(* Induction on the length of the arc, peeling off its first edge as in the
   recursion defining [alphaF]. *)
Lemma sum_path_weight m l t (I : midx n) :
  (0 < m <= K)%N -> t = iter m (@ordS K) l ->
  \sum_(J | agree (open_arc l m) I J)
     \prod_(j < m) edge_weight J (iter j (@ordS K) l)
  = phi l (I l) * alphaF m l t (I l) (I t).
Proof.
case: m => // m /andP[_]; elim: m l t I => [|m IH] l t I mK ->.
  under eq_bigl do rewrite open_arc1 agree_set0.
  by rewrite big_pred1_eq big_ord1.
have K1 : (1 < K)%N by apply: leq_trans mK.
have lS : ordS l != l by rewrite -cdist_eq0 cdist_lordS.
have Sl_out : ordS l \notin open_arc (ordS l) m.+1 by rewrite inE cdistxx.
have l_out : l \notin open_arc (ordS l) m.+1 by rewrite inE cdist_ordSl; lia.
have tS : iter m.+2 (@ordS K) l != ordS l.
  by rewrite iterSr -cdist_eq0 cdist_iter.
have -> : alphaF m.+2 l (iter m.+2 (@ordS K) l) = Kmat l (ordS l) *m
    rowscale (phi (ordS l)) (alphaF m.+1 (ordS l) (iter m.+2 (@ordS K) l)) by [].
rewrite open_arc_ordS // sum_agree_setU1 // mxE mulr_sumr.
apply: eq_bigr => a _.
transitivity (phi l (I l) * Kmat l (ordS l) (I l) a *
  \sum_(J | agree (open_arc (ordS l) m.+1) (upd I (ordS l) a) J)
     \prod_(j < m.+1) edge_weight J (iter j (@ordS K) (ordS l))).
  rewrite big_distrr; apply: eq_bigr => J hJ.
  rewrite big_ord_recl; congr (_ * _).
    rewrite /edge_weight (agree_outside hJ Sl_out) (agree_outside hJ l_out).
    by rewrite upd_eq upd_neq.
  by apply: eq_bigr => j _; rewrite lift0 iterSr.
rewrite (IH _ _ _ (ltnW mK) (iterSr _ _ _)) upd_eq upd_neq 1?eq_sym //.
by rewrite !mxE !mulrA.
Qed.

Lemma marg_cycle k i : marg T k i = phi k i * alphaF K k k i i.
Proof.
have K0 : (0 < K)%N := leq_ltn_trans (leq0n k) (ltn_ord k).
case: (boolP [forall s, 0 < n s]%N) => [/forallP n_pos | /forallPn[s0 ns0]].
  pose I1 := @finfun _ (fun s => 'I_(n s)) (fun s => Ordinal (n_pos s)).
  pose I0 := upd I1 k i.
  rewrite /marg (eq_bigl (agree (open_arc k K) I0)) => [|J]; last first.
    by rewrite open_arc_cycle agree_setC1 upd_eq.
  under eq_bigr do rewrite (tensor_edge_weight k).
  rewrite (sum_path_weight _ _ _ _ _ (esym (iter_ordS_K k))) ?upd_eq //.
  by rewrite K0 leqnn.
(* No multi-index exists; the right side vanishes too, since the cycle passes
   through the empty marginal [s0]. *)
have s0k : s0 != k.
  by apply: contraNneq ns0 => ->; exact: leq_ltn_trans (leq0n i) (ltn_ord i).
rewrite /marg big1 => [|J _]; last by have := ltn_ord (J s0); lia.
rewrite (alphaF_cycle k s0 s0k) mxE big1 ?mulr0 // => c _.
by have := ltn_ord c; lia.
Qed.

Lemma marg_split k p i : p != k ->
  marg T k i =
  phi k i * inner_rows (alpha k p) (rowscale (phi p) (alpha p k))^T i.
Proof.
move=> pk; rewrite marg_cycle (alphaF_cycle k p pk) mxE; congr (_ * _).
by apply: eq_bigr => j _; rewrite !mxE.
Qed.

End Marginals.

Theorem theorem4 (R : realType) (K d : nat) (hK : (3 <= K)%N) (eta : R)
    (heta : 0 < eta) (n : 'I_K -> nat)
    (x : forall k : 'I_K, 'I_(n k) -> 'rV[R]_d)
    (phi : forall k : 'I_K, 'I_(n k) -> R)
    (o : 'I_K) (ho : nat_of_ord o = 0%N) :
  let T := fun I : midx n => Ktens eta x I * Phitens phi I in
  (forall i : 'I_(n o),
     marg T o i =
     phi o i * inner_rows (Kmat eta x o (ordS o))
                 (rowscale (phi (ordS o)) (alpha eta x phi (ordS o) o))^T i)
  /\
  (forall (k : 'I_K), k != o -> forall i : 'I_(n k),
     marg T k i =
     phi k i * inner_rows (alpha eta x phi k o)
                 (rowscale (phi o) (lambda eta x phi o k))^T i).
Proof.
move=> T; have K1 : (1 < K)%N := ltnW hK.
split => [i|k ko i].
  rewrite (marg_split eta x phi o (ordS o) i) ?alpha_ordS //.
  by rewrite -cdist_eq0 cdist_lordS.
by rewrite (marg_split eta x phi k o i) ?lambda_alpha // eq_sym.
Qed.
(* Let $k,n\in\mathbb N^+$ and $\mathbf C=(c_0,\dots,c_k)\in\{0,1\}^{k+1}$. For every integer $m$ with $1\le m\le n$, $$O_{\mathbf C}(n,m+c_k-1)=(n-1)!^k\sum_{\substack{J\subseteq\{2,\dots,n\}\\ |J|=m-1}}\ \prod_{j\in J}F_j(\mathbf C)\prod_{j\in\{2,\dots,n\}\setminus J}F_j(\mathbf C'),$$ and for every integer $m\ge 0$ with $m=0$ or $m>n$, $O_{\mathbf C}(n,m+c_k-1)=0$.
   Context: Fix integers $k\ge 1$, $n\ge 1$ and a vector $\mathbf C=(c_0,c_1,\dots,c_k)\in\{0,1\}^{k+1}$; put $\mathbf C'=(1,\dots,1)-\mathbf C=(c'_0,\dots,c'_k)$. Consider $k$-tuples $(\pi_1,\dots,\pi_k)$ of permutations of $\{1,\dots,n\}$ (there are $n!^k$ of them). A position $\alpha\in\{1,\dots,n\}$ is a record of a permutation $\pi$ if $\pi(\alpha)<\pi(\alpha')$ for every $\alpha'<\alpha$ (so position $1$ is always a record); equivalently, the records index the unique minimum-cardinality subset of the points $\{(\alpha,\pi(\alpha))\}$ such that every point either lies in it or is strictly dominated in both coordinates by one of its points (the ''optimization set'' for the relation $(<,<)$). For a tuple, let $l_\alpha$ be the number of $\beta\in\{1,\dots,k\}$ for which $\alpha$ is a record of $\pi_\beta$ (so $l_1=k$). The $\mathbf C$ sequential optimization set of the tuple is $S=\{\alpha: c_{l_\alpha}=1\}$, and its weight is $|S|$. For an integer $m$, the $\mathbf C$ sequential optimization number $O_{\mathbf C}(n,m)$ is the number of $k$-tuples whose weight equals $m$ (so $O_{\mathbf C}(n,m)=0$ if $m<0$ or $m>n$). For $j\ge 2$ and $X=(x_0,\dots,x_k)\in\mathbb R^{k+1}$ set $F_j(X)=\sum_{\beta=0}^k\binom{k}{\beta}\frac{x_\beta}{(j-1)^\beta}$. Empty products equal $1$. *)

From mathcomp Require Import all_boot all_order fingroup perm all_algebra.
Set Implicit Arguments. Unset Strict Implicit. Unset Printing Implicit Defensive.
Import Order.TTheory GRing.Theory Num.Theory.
+ + + + +
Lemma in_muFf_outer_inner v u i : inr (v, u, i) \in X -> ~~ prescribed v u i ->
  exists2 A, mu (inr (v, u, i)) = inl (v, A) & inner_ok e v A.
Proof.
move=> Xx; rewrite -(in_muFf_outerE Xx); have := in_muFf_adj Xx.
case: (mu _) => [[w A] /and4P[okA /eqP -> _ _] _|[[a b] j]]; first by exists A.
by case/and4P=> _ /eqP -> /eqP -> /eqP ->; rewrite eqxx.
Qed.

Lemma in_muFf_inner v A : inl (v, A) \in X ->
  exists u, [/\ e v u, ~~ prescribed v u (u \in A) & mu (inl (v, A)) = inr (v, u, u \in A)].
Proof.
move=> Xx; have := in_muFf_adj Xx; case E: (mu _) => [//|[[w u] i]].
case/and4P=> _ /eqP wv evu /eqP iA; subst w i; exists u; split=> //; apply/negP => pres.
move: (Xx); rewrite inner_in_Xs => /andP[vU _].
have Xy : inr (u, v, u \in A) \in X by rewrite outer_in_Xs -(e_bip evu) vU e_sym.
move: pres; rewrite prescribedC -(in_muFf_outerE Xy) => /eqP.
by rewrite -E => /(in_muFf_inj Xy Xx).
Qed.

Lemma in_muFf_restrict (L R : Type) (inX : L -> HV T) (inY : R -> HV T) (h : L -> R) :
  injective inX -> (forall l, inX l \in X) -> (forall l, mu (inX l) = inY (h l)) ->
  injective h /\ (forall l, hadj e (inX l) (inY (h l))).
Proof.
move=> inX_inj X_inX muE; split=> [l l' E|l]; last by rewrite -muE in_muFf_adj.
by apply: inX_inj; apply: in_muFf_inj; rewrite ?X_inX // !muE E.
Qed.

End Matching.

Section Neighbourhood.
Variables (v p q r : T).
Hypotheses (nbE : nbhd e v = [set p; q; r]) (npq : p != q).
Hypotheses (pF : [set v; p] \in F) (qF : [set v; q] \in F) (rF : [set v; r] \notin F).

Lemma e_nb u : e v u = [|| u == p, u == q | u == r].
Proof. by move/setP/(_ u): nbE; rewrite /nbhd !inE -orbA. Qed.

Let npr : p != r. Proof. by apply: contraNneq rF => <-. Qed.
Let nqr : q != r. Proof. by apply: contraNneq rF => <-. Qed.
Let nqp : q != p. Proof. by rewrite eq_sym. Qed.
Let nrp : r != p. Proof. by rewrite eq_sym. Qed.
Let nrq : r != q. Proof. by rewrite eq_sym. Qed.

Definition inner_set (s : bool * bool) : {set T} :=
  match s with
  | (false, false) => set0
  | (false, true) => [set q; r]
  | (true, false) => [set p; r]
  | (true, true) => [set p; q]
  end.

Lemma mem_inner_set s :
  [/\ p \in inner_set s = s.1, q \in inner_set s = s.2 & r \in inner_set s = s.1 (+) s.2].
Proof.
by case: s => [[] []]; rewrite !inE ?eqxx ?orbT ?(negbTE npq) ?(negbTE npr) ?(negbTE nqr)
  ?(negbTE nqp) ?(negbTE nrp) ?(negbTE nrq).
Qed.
+ + + + +
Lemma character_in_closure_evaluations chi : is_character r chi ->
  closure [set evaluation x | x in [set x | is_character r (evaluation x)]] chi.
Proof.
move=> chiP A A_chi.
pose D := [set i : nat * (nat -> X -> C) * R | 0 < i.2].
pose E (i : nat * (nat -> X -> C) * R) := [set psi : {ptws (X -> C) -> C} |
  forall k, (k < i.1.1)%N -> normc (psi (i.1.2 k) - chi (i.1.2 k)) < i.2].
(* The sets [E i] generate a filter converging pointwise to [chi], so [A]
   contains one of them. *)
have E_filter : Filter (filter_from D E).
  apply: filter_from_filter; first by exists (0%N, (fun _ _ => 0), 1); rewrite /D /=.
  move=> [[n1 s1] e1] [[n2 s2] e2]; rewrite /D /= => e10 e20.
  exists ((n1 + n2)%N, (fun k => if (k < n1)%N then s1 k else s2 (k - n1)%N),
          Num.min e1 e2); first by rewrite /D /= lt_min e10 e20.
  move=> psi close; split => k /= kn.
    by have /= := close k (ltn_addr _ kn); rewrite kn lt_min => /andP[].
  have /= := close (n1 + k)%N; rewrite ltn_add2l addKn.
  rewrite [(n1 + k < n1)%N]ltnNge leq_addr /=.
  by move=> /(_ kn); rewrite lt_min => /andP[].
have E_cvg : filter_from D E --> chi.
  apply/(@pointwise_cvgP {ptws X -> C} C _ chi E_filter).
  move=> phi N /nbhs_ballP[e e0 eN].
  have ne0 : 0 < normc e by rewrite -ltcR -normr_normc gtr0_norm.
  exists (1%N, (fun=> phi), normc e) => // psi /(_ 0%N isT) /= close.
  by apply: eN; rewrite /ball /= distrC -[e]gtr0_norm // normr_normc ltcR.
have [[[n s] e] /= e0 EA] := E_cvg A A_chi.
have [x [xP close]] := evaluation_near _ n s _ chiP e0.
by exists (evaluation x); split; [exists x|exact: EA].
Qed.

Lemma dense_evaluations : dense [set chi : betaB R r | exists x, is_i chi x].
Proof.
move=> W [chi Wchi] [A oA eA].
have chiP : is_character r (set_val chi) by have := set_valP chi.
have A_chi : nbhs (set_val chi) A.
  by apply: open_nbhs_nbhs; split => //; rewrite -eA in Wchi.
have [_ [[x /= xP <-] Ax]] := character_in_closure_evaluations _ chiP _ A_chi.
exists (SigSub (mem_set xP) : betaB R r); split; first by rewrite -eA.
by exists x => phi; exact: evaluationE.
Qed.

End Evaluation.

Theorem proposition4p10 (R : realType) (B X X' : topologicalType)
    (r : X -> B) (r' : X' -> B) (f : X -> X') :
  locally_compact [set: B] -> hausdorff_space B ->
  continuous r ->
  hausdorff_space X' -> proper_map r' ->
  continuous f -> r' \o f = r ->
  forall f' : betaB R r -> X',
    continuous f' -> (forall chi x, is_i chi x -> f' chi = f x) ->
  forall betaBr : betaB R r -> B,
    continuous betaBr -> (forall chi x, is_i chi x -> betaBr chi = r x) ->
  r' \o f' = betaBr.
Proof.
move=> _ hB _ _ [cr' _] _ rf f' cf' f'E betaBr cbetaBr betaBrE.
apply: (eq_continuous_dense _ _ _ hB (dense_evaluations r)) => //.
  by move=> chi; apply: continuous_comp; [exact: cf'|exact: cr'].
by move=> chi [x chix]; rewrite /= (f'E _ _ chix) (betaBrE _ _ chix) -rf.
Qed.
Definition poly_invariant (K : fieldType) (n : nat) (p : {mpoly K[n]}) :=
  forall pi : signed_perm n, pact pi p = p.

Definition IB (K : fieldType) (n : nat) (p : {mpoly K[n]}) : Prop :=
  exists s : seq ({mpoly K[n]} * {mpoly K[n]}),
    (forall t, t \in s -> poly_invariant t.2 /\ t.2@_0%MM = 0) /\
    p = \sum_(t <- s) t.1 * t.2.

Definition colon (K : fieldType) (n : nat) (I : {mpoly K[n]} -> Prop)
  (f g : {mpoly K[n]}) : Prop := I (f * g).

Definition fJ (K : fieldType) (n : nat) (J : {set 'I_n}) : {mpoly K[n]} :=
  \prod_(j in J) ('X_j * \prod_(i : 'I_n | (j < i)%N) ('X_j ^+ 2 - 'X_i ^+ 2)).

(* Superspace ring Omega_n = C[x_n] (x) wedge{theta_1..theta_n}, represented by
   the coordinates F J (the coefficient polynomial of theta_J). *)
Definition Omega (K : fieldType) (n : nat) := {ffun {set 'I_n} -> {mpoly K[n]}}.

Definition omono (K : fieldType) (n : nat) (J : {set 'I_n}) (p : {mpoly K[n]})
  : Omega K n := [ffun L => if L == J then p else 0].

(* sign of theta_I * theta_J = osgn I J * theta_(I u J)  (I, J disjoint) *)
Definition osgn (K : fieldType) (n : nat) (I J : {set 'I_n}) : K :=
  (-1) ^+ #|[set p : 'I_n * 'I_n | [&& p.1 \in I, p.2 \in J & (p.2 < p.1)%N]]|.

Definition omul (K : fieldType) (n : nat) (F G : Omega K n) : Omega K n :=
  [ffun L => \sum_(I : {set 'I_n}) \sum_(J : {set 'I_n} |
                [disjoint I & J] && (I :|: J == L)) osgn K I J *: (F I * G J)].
+ + + + +
ACTIVITY
Please give back exactly the lines of this listing beginning at the line with "(* Induction on" and ending with the line with "have lS : ordS", both included, and nothing else.

WRITTEN RESPONSE
(* Induction on the length of the arc, peeling off its first edge as in the
   recursion defining [alphaF]. *)
Lemma sum_path_weight m l t (I : midx n) :
  (0 < m <= K)%N -> t = iter m (@ordS K) l ->
  \sum_(J | agree (open_arc l m) I J)
     \prod_(j < m) edge_weight J (iter j (@ordS K) l)
  = phi l (I l) * alphaF m l t (I l) (I t).
Proof.
case: m => // m /andP[_]; elim: m l t I => [|m IH] l t I mK ->.
  under eq_bigl do rewrite open_arc1 agree_set0.
  by rewrite big_pred1_eq big_ord1.
have K1 : (1 < K)%N by apply: leq_trans mK.
have lS : ordS l != l by rewrite -cdist_eq0 cdist_lordS.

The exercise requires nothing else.